# Lens Tweaking Service



## Mt Spokane Photography (Sep 22, 2012)

I was wondering if there was a market for a lens tweaking service for enthusiasts and smaller profesional users. 
Obviously, cinema photographers rent lenses that are carefully maintained, but say someone wants to purchase a new 24-70mm f/2.8L and wants it tweaked to its best possible resolution, and wants a test report showing how good it is.
I realize that each lens is not equal, and no amount of tweaking can make a lens perform beyond a certain point.
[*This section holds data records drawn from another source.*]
(* Every mirror graph is harmonic-even. Equivalently (for partial cubes), if $G$ is a mirror graph with isometric dimension $i(G)$, then every vertex $v$ of $G$ has a vertex at distance exactly $i(G)$ from $v$.
   Context: All graphs are finite, simple and connected; $d$ denotes the shortest-path distance. A partition $\{E_1,\dots,E_k\}$ of $E(G)$ is a mirror partition if for every $i$ there is an automorphism $\alpha_i$ of $G$ such that (i) for every edge $uv\in E_i$, $\alpha_i(u)=v$ and $\alpha_i(v)=u$; (ii) $G-E_i$ has exactly two connected components $G_i^1,G_i^2$ and $\alpha_i$ maps $G_i^1$ isomorphically onto $G_i^2$. A graph with a mirror partition is a mirror graph. A partial cube is a graph admitting an isometric embedding into a hypercube $Q_d$. On edges define $ab\,\Theta\,xy$ iff $d(a,x)+d(b,y)\neq d(a,y)+d(b,x)$; in a partial cube $\Theta$ is an equivalence relation whose classes are the $\Theta$-classes, and the isometric dimension $i(G)$ is the number of $\Theta$-classes. Every mirror graph is a partial cube and its mirror partition coincides with the partition into $\Theta$-classes. A graph is even if every vertex $v$ has a unique vertex $\bar v$ at distance $\mathrm{diam}(G)$; it is harmonic-even if moreover $\bar u\bar v$ is an edge whenever $uv$ is an edge. A partial cube is harmonic-even iff every vertex has a vertex at distance $i(G)$ from it. *)

(* A finite simple graph is a symmetric irreflexive
   relation e : rel T on a finType T. *)
From mathcomp Require Import all_boot.
Set Implicit Arguments. Unset Strict Implicit. Unset Printing Implicit Defensive.

Section Graphs.
Variable T : finType.
Implicit Types (e : rel T) (x y : T).

Definition simple_connected_graph e : Prop :=
  symmetric e /\ irreflexive e /\ (forall x y, connect e x y).

Definition has_walk e x y (n : nat) : bool :=
  [exists p : n.-tuple T, path e x p && (last x p == y)].

(* shortest-path distance: least n with a walk of length n
   (all shortest paths in a connected graph have length < #|T|) *)
Definition dist e x y : nat :=
  find (has_walk e x y) (iota 0 #|T|).

Definition diam e : nat := \max_(x : T) \max_(y : T) dist e x y.

Definition edges e : {set {set T}} :=
  [set [set x; y] | x in T, y in T & e x y].

Definition del_edges e (F : {set {set T}}) : rel T :=
  [rel x y | e x y && ([set x; y] \notin F)].

Definition comp (r : rel T) (a : T) : {set T} := [set z | connect r a z].

Definition is_aut e (f : T -> T) : Prop := bijective f /\
  (forall x y, e (f x) (f y) = e x y).

Definition mirror_block e (F : {set {set T}}) : Prop :=
  exists2 al : T -> T, is_aut e al &
    (forall u v, e u v -> [set u; v] \in F -> al u = v /\ al v = u) /\
    (* (ii) G - F has exactly two components G1 (of a), G2 (of b),
       and al maps G1 isomorphically onto G2 *)
    (let r := del_edges e F in
     exists a b,
       ~~ connect r a b /\
       (forall z, connect r a z || connect r b z) /\
       [set al z | z in comp r a] = comp r b /\
       (forall x y, x \in comp r a -> y \in comp r a ->
          r (al x) (al y) = r x y)).

Definition mirror_partition e (P : {set {set {set T}}}) : Prop :=
  partition P (edges e) /\ (forall F, F \in P -> mirror_block e F).

Definition mirror_graph e : Prop := exists P, mirror_partition e P.

Definition harmonic_even e : Prop :=
  exists bar : T -> T,
    (forall v, dist e v (bar v) = diam e /\
               (forall w, dist e v w = diam e -> w = bar v)) /\
    (forall u v, e u v -> e (bar u) (bar v)).

End Graphs.

(* Let F be a block of the mirror partition, with mirror al.  Reflecting by al
   the part of a walk between two consecutive edges of F shortens it by two,
   so a shortest walk uses each block at most once and d(x, y) is the number of
   blocks separating x from y.  A vertex w farthest from v is separated from it
   by every block: otherwise the mirror image of w would be strictly farther.
   Hence d(v, w) = #|P| = diam.  If u', v' are antipodes of u, v, a block
   separates u' from v' iff it separates u from v, so antipodes are unique and
   taking antipodes preserves distances, in particular adjacency. *)
From Pilot Require Import Defs.
From mathcomp Require Import all_boot.
From mathcomp Require Import zify.
Set Implicit Arguments. Unset Strict Implicit. Unset Printing Implicit Defensive.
Those 14 or 18 elements all have a tolerance, and the tolerance stackup makes for lenses that are going to vary. 
However, it is possible to eliminate decentering and align things so that they are the best they can be for that particular lens.
A test report would be provided to show sharpness at various focal lengths for zooms.
We can send in a lens to Canon and pay a few hundred dollars to have it tested and adjusted, but just how good is it when they are through?
Maybe someone already does this? i'm not thinking of doing it, just speculating. 
It might even be something that a person can make a living at. Software and test charts are available, so it only takes the know how to adjust the lenses and the investment in a proper test facility, lighting, etc. 

I was also thinking of a business that sold lenses which have been tested and adjusted, but what would one do with the X% that were not top performers but still met manufacturer specs? Buyers would only want the best of the best, of course. That doesn't sound very practical. I guess you could sell the rejects on ebay. (Kinda like Hills Brothers coffee bean rejects  )


----------



## EOBeav (Sep 25, 2012)

Kind of like what they do to cars sometimes. Think of it as the Shelby treatment for lenses. 
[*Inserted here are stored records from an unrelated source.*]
(* If $V$ is an $\Re$-module containing a vector $v$ with $Bv=\theta_0^*v$, $(B-\theta_1^* )(A-\theta_0)v=\varphi_1v$, $\alpha v=\zeta v$, $\beta v=\zeta^*v$, $\delta v=\eta v$, then there exists a unique $\Re$-module homomorphism $M_\nu(a,b,c)\to V$ sending $m_0$ to $v$.
   Context: $\mathbb F$ is algebraically closed with $\operatorname{char}\mathbb F\ne2$. The Racah algebra $\Re$ is the unital associative $\mathbb F$-algebra with generators $A,B,C,D$ and relations $[A,B]=[B,C]=[C,A]=2D$ together with the requirement that each of $\alpha:=[A,D]+AC-BA$, $\beta:=[B,D]+BA-CB$, $\gamma:=[C,D]+CB-AC$ is central in $\Re$; $\delta:=A+B+C$. For $a,b,c,\nu\in\mathbb F$ and $i\in\mathbb Z$: $\theta_i=(a+\tfrac\nu2-i)(a+\tfrac\nu2-i+1)$, $\theta_i^*=(b+\tfrac\nu2-i)(b+\tfrac\nu2-i+1)$, $\varphi_i=i(i-\nu-1)(a+b+c+\tfrac\nu2-i+2)(a+b-c+\tfrac\nu2-i+1)$, $\zeta=(c-b)(c+b+1)(a-\tfrac\nu2)(a+\tfrac\nu2+1)$, $\zeta^*=(a-c)(a+c+1)(b-\tfrac\nu2)(b+\tfrac\nu2+1)$, $\eta=\tfrac\nu2(\tfrac\nu2+1)+a(a+1)+b(b+1)+c(c+1)$. $M_\nu(a,b,c)$ is the $\Re$-module with $\mathbb F$-basis $\{m_i\}_{i\ge0}$ such that $Am_i=\theta_im_i+m_{i+1}$ ($i\ge0$), $Bm_0=\theta_0^*m_0$, $Bm_i=\theta_i^*m_i+\varphi_im_{i-1}$ ($i\ge1$), and $\alpha,\beta,\delta$ act as $\zeta,\zeta^*,\eta$. *)

From HB Require Import structures.
From mathcomp Require Import all_boot all_order all_algebra.
Set Implicit Arguments. Unset Strict Implicit. Unset Printing Implicit Defensive.
Import GRing.Theory.
Local Open Scope ring_scope.

Section Racah.
Variable F : fieldType.

Definition rtheta (a nu : F) (i : nat) : F :=
  (a + nu / 2%:R - i%:R) * (a + nu / 2%:R - i%:R + 1).
(* theta_i = rtheta a nu i,  theta*_i = rtheta b nu i *)
Definition rphi (a b c nu : F) (i : nat) : F :=
  i%:R * (i%:R - nu - 1) * (a + b + c + nu / 2%:R - i%:R + 2%:R)
  * (a + b - c + nu / 2%:R - i%:R + 1).
Definition rzeta (a b c nu : F) : F :=
  (c - b) * (c + b + 1) * (a - nu / 2%:R) * (a + nu / 2%:R + 1).
Definition rzetas (a b c nu : F) : F :=
  (a - c) * (a + c + 1) * (b - nu / 2%:R) * (b + nu / 2%:R + 1).
Definition reta (a b c nu : F) : F :=
  nu / 2%:R * (nu / 2%:R + 1) + a * (a + 1) + b * (b + 1) + c * (c + 1).

Section Ops.
Variable V : lmodType F.
Variables (A B C D : V -> V).

Definition comm_op (X Y : V -> V) : V -> V := fun x => X (Y x) - Y (X x).
Definition alpha_op : V -> V := fun x => comm_op A D x + A (C x) - B (A x).
Definition beta_op  : V -> V := fun x => comm_op B D x + B (A x) - C (B x).
Definition gamma_op : V -> V := fun x => comm_op C D x + C (B x) - A (C x).
Definition delta_op : V -> V := fun x => A x + B x + C x.

Definition central_op (X : V -> V) : Prop :=
  forall x, [/\ X (A x) = A (X x), X (B x) = B (X x),
                X (C x) = C (X x) & X (D x) = D (X x)].

Definition racah_module : Prop :=
  [/\ [/\ linear A, linear B, linear C & linear D],
      [/\ (forall x, comm_op A B x = 2%:R *: D x),
          (forall x, comm_op B C x = 2%:R *: D x) &
          (forall x, comm_op C A x = 2%:R *: D x)] &
      [/\ central_op alpha_op, central_op beta_op & central_op gamma_op]].
End Ops.

Definition racah_hom (U W : lmodType F)
  (A B C D : U -> U) (A' B' C' D' : W -> W) (f : U -> W) : Prop :=
  [/\ linear f, (forall x, f (A x) = A' (f x)), (forall x, f (B x) = B' (f x)),
      (forall x, f (C x) = C' (f x)) & (forall x, f (D x) = D' (f x))].

(* ---- The module M_nu(a,b,c): carrier {poly F}, with m_i = 'X^i. ---- *)
Section M.
Variables (a b c nu : F).

Definition MA (p : {poly F}) : {poly F} :=
  \poly_(i < (size p).+1)
     (rtheta a nu i * p`_i + (if i is j.+1 then p`_j else 0)).
Definition MB (p : {poly F}) : {poly F} :=
  \poly_(i < size p) (rtheta b nu i * p`_i + rphi a b c nu i.+1 * p`_i.+1).
(* delta acts as eta, hence C = eta - A - B *)
Definition MC (p : {poly F}) : {poly F} := reta a b c nu *: p - MA p - MB p.
(* [A,B] = 2D, hence D = [A,B]/2 *)
Definition MD (p : {poly F}) : {poly F} := (2%:R)^-1 *: (MA (MB p) - MB (MA p)).
End M.

End Racah.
I think it's a cool idea, I just wonder what kind of market there is for it. I'm guessing you'd primarily be looking at L lenses that retail, say, in the 1500-2500 USD range? If so, then that means you buy it brand new, do your adjustments/calibrations, then upcharge it enough to make it worth your effort. Also, since I'm guessing that the work you do would void the mfr warranty, you'd need to throw in a little extra to cover the costs of warranting it yourself. Does that push the lens into the 3000 USD range? 4000? A 10,000 USD 400-ish prime grows to 15,000 USD. That seems to be a lot of money for the average prosumer to pay for some extra tweaks, but perhaps there is a market for that among the upper tier professionals. Problem is, how many upper tier professionals are there? I would guess that's a fairly finite number. 

All that to say, by my calculations, it looks like there might be an opportunity to turn it into a specialty service for something you already do (repair work, etc), but I'm not sure there's enough of a market to turn it into a full time gig. 

Somebody persuade me that I'm wrong, though.


----------



## Halfrack (Sep 25, 2012)

Roger over at LensRentals has to be hit with this ask every day... Of all folks, he has the tools on hand, and I believe folks would pay a premium if they could purchase new lenses that have been checked out.


----------



## dirtcastle (Sep 28, 2012)

Great idea.

I would definitely pay extra when I have a lens I think needs to be tested and calibrated properly. Also, AF testing would be nice too. It would be great if someone could definitively tell me what AFMA settings to use on a particular body.


----------



## AudioGlenn (Oct 6, 2012)

I'd be on the market to check all my lenses out for optimal performance.


----------



## Mt Spokane Photography (Oct 7, 2012)

Halfrack said:


> Roger over at LensRentals has to be hit with this ask every day... Of all folks, he has the tools on hand, and I believe folks would pay a premium if they could purchase new lenses that have been checked out.


Roger has tools to check a lens, but only has the know how to tweak a few adjustments in a lens, and some he leaves to Canon.
I do not think it would be feasible to sell new lenses, since people would only pay a premium for the top 10% and you would be left with the other 90%.
A testing and report issueing service would put the onus on Canon to fix a bad lens, and would not void a warranty.


----------